#### [Description of the task]
Among the lines below, copy exactly those from the one with "Section CycleKill." through the one with "by rewrite inE rot_j0 rot_nK => xj ->.", counting both ends.

+++

(* For every $n\geq 1$ there exists a generalized NFA $M$ over a binary alphabet with $n$ states, each of which is both initial and final, such that the minimal (complete) DFA accepting $L(M)$ has $2^n$ states.
   Context: A generalized NFA is a quintuple $M=(Q,\Sigma,\delta,I,F)$ with finite state set $Q$, transition function $\delta: Q\times\Sigma\to 2^Q$, a set of initial states $I\subseteq Q$ and final states $F\subseteq Q$; it accepts $w$ iff $\delta(I,w)\cap F\neq\emptyset$. DFAs are required to be complete; the minimal DFA of a regular language is the complete DFA with fewest states accepting it. *)

From mathcomp Require Import all_boot.
Set Implicit Arguments. Unset Strict Implicit. Unset Printing Implicit Defensive.

Record gnfa (A : Type) (Q : finType) := GNFA {
  gnfa_delta : Q -> A -> {set Q};
  gnfa_init  : {set Q};
  gnfa_final : {set Q} }.

Definition gnfa_step A Q (M : gnfa A Q) (S : {set Q}) (a : A) : {set Q} :=
  \bigcup_(q in S) gnfa_delta M q a.
Definition gnfa_run A Q (M : gnfa A Q) (S : {set Q}) (w : seq A) : {set Q} :=
  foldl (gnfa_step M) S w.
Definition gnfa_accepts A Q (M : gnfa A Q) (w : seq A) : bool :=
  gnfa_run M (gnfa_init M) w :&: gnfa_final M != set0.

Record dfa (A : Type) (Q : finType) := DFA {
  dfa_delta : Q -> A -> Q;
  dfa_start : Q;
  dfa_final : {set Q} }.
Definition dfa_run A Q (D : dfa A Q) (q : Q) (w : seq A) : Q :=
  foldl (dfa_delta D) q w.
Definition dfa_accepts A Q (D : dfa A Q) (w : seq A) : bool :=
  dfa_run D (dfa_start D) w \in dfa_final D.

Definition minimal_dfa_size (A : Type) (L : seq A -> bool) (k : nat) : Prop :=
  (exists D : dfa A 'I_k, forall w, dfa_accepts D w = L w) /\
  (forall (m : nat) (D : dfa A 'I_m), (forall w, dfa_accepts D w = L w) -> k <= m).

From mathcomp Require Import all_boot.

(* The witness has states 0, ..., n-1 arranged in a cycle: letter [true] moves
   every state one step along the cycle, letter [false] fixes every state except
   0, which it kills.  Rotating j to 0, applying [false] and rotating once more
   around the cycle removes exactly j from any set of states, so starting from
   the full set every subset S is reachable; and S is separated from every other
   subset by the words reaching the singletons {i}.  Hence the subset
   construction, with its 2^n states, is already minimal. *)

Lemma card_set (T : finType) : #|{set T}| = 2 ^ #|T|.
Proof. by have := card_powerset [set: T]; rewrite powersetT !cardsT. Qed.

Lemma gnfa_run_cat A Q (M : gnfa A Q) X u v :
  gnfa_run M X (u ++ v) = gnfa_run M (gnfa_run M X u) v.
Proof. exact: foldl_cat. Qed.

Lemma dfa_run_cat A Q (D : dfa A Q) q u v :
  dfa_run D q (u ++ v) = dfa_run D (dfa_run D q u) v.
Proof. exact: foldl_cat. Qed.

Lemma gnfa_subset_dfa {A : Type} {Q : finType} (M : gnfa A Q) :
  exists D : dfa A 'I_(2 ^ #|Q|), forall w, dfa_accepts D w = gnfa_accepts M w.
Proof.
have cardQ := card_set Q.
pose to (S : {set Q}) := cast_ord cardQ (enum_rank S).
pose from (i : 'I_(2 ^ #|Q|)) := enum_val (cast_ord (esym cardQ) i).
have toK : cancel to from by move=> S; rewrite /from /to cast_ordK enum_rankK.
pose D := DFA (fun i a => to (gnfa_step M (from i) a)) (to (gnfa_init M))
              [set i | from i :&: gnfa_final M != set0].
exists D => w.
have run X : dfa_run D (to X) w = to (gnfa_run M X w).
  by rewrite /dfa_run /gnfa_run; elim: w X => [|a w IH] X //=; rewrite toK IH.
by rewrite /dfa_accepts /= run inE toK.
Qed.

Lemma dfa_card_ge_separated {A : Type} (L : seq A -> bool) {T : finType} (f : T -> seq A) :
  (forall x y, (forall v, L (f x ++ v) = L (f y ++ v)) -> x = y) ->
  forall m (D : dfa A 'I_m), (forall w, dfa_accepts D w = L w) -> #|T| <= m.
Proof.
move=> separated m D DL.
pose g x := dfa_run D (dfa_start D) (f x).
have /leq_card : injective g.
  move=> x y gxy; apply: separated => v.
  by rewrite -!DL /dfa_accepts !dfa_run_cat -/(g x) -/(g y) gxy.
by rewrite card_ord.
Qed.

Section CycleKill.

Variable n : nat.

Definition cycle_kill_gnfa : gnfa bool 'I_n :=
  GNFA (fun q (c : bool) => if c then [set ordS q]
                            else if val q == 0 then set0 else [set q])
       setT setT.

Local Notation M := cycle_kill_gnfa.

Lemma val_iter_ordS k (x : 'I_n) : val (iter k (@ordS n) x) = (x + k) %% n.
Proof.
elim: k => [|k IH] /=; first by rewrite addn0 modn_small.
by rewrite IH -addn1 modnDml addn1 addnS.
Qed.

Lemma iter_ordS_n (x : 'I_n) : iter n (@ordS n) x = x.
Proof. by apply: val_inj; rewrite val_iter_ordS modnDr modn_small. Qed.

Lemma cycle_kill_step_true X : gnfa_step M X true = @ordS n @: X.
Proof.
apply/setP=> y; apply/bigcupP/imsetP => [[q qX /set1P ->]|[q qX ->]].
  by exists q.
by exists q; rewrite ?inE.
Qed.

Lemma cycle_kill_step_false X :
  gnfa_step M X false = X :\: [set x | val x == 0].
Proof.
rewrite /gnfa_step /=; apply/setP=> y; rewrite !inE.
apply/bigcupP/idP => [[q qX]|/andP[y0 yX]].
  case: ifP => [_|/negbT q0]; first by rewrite inE.
  by move/set1P ->; rewrite q0 qX.
by exists y; rewrite // (negbTE y0) inE.
Qed.

Lemma cycle_kill_run_rotate k X :
  gnfa_run M X (nseq k true) = iter k (@ordS n) @: X.
Proof.
elim: k X => [|k IH] X /=; first by rewrite imset_id.
by rewrite cycle_kill_step_true IH -imset_comp; apply: eq_imset => x; rewrite /= -iterSr.
Qed.

Definition kill_word (j : 'I_n) : seq bool :=
  nseq (n - j) true ++ false :: nseq j true.

Lemma cycle_kill_run_kill_word X j : gnfa_run M X (kill_word j) = X :\ j.
Proof.
have rot_nK x : iter j (@ordS n) (iter (n - j) (@ordS n) x) = x.
  by rewrite -iterD subnKC ?iter_ordS_n // ltnW.
have rot_j0 y : (val (iter (n - j) (@ordS n) y) == 0) = (y == j).
  have jn0 : (j + (n - j)) %% n = 0 by rewrite subnKC ?modnn // ltnW.
  by rewrite val_iter_ordS -jn0 eqn_modDr !modn_small.
rewrite gnfa_run_cat cycle_kill_run_rotate /= cycle_kill_step_false.
rewrite cycle_kill_run_rotate; apply/setP=> y; rewrite !inE.
apply/imsetP/andP => [[_ /setDP[/imsetP[x xX ->]]]|[yj yX]].
  by rewrite inE rot_j0 rot_nK => xj ->.
exists (iter (n - j) (@ordS n) y); last by rewrite rot_nK.
by rewrite !inE rot_j0 yj imset_f.
Qed.

Definition restrict_word (S : {set 'I_n}) : seq bool :=
  flatten (map kill_word (enum (~: S))).

Lemma cycle_kill_run_restrict_word X S :
  gnfa_run M X (restrict_word S) = X :&: S.
Proof.
have -> : X :&: S = X :\: [set x in enum (~: S)].
  by apply/setP=> y; rewrite !inE mem_enum !inE negbK andbC.
rewrite /restrict_word; elim: (enum _) X => [|j s IH] X /=.
  by apply/setP=> y; rewrite !inE in_nil.
rewrite gnfa_run_cat cycle_kill_run_kill_word IH.
by apply/setP=> y; rewrite !inE negb_or -andbA [RHS]andbCA.
Qed.

Lemma cycle_kill_accepts_restrict S i :
  gnfa_accepts M (restrict_word S ++ restrict_word [set i]) = (i \in S).
Proof.
rewrite /gnfa_accepts gnfa_run_cat !cycle_kill_run_restrict_word /= setIT setTI.
apply/set0Pn/idP => [[y]|iS]; first by rewrite !inE => /andP[yS /eqP <-].
by exists i; rewrite !inE eqxx andbT.
Qed.

End CycleKill.

Theorem mainTheorem12 :
  forall n : nat, 1 <= n ->
  exists M : gnfa bool 'I_n,
    gnfa_init M = [set: 'I_n] /\ gnfa_final M = [set: 'I_n] /\
    minimal_dfa_size (gnfa_accepts M) (2 ^ n).
Proof.
move=> n _; exists (cycle_kill_gnfa n); do 3!split => //.
  by have := gnfa_subset_dfa (cycle_kill_gnfa n); rewrite card_ord.
move=> m D DL; rewrite -[n]card_ord -card_set.
apply: (dfa_card_ge_separated _ (@restrict_word n)) DL => S T sameST.
by apply/setP=> i; rewrite -!cycle_kill_accepts_restrict sameST.
Qed.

+++

#### [Exercise response]
Section CycleKill.

Variable n : nat.

Definition cycle_kill_gnfa : gnfa bool 'I_n :=
  GNFA (fun q (c : bool) => if c then [set ordS q]
                            else if val q == 0 then set0 else [set q])
       setT setT.

Local Notation M := cycle_kill_gnfa.

Lemma val_iter_ordS k (x : 'I_n) : val (iter k (@ordS n) x) = (x + k) %% n.
Proof.
elim: k => [|k IH] /=; first by rewrite addn0 modn_small.
by rewrite IH -addn1 modnDml addn1 addnS.
Qed.

Lemma iter_ordS_n (x : 'I_n) : iter n (@ordS n) x = x.
Proof. by apply: val_inj; rewrite val_iter_ordS modnDr modn_small. Qed.

Lemma cycle_kill_step_true X : gnfa_step M X true = @ordS n @: X.
Proof.
apply/setP=> y; apply/bigcupP/imsetP => [[q qX /set1P ->]|[q qX ->]].
  by exists q.
by exists q; rewrite ?inE.
Qed.

Lemma cycle_kill_step_false X :
  gnfa_step M X false = X :\: [set x | val x == 0].
Proof.
rewrite /gnfa_step /=; apply/setP=> y; rewrite !inE.
apply/bigcupP/idP => [[q qX]|/andP[y0 yX]].
  case: ifP => [_|/negbT q0]; first by rewrite inE.
  by move/set1P ->; rewrite q0 qX.
by exists y; rewrite // (negbTE y0) inE.
Qed.

Lemma cycle_kill_run_rotate k X :
  gnfa_run M X (nseq k true) = iter k (@ordS n) @: X.
Proof.
elim: k X => [|k IH] X /=; first by rewrite imset_id.
by rewrite cycle_kill_step_true IH -imset_comp; apply: eq_imset => x; rewrite /= -iterSr.
Qed.

Definition kill_word (j : 'I_n) : seq bool :=
  nseq (n - j) true ++ false :: nseq j true.

Lemma cycle_kill_run_kill_word X j : gnfa_run M X (kill_word j) = X :\ j.
Proof.
have rot_nK x : iter j (@ordS n) (iter (n - j) (@ordS n) x) = x.
  by rewrite -iterD subnKC ?iter_ordS_n // ltnW.
have rot_j0 y : (val (iter (n - j) (@ordS n) y) == 0) = (y == j).
  have jn0 : (j + (n - j)) %% n = 0 by rewrite subnKC ?modnn // ltnW.
  by rewrite val_iter_ordS -jn0 eqn_modDr !modn_small.
rewrite gnfa_run_cat cycle_kill_run_rotate /= cycle_kill_step_false.
rewrite cycle_kill_run_rotate; apply/setP=> y; rewrite !inE.
apply/imsetP/andP => [[_ /setDP[/imsetP[x xX ->]]]|[yj yX]].
  by rewrite inE rot_j0 rot_nK => xj ->.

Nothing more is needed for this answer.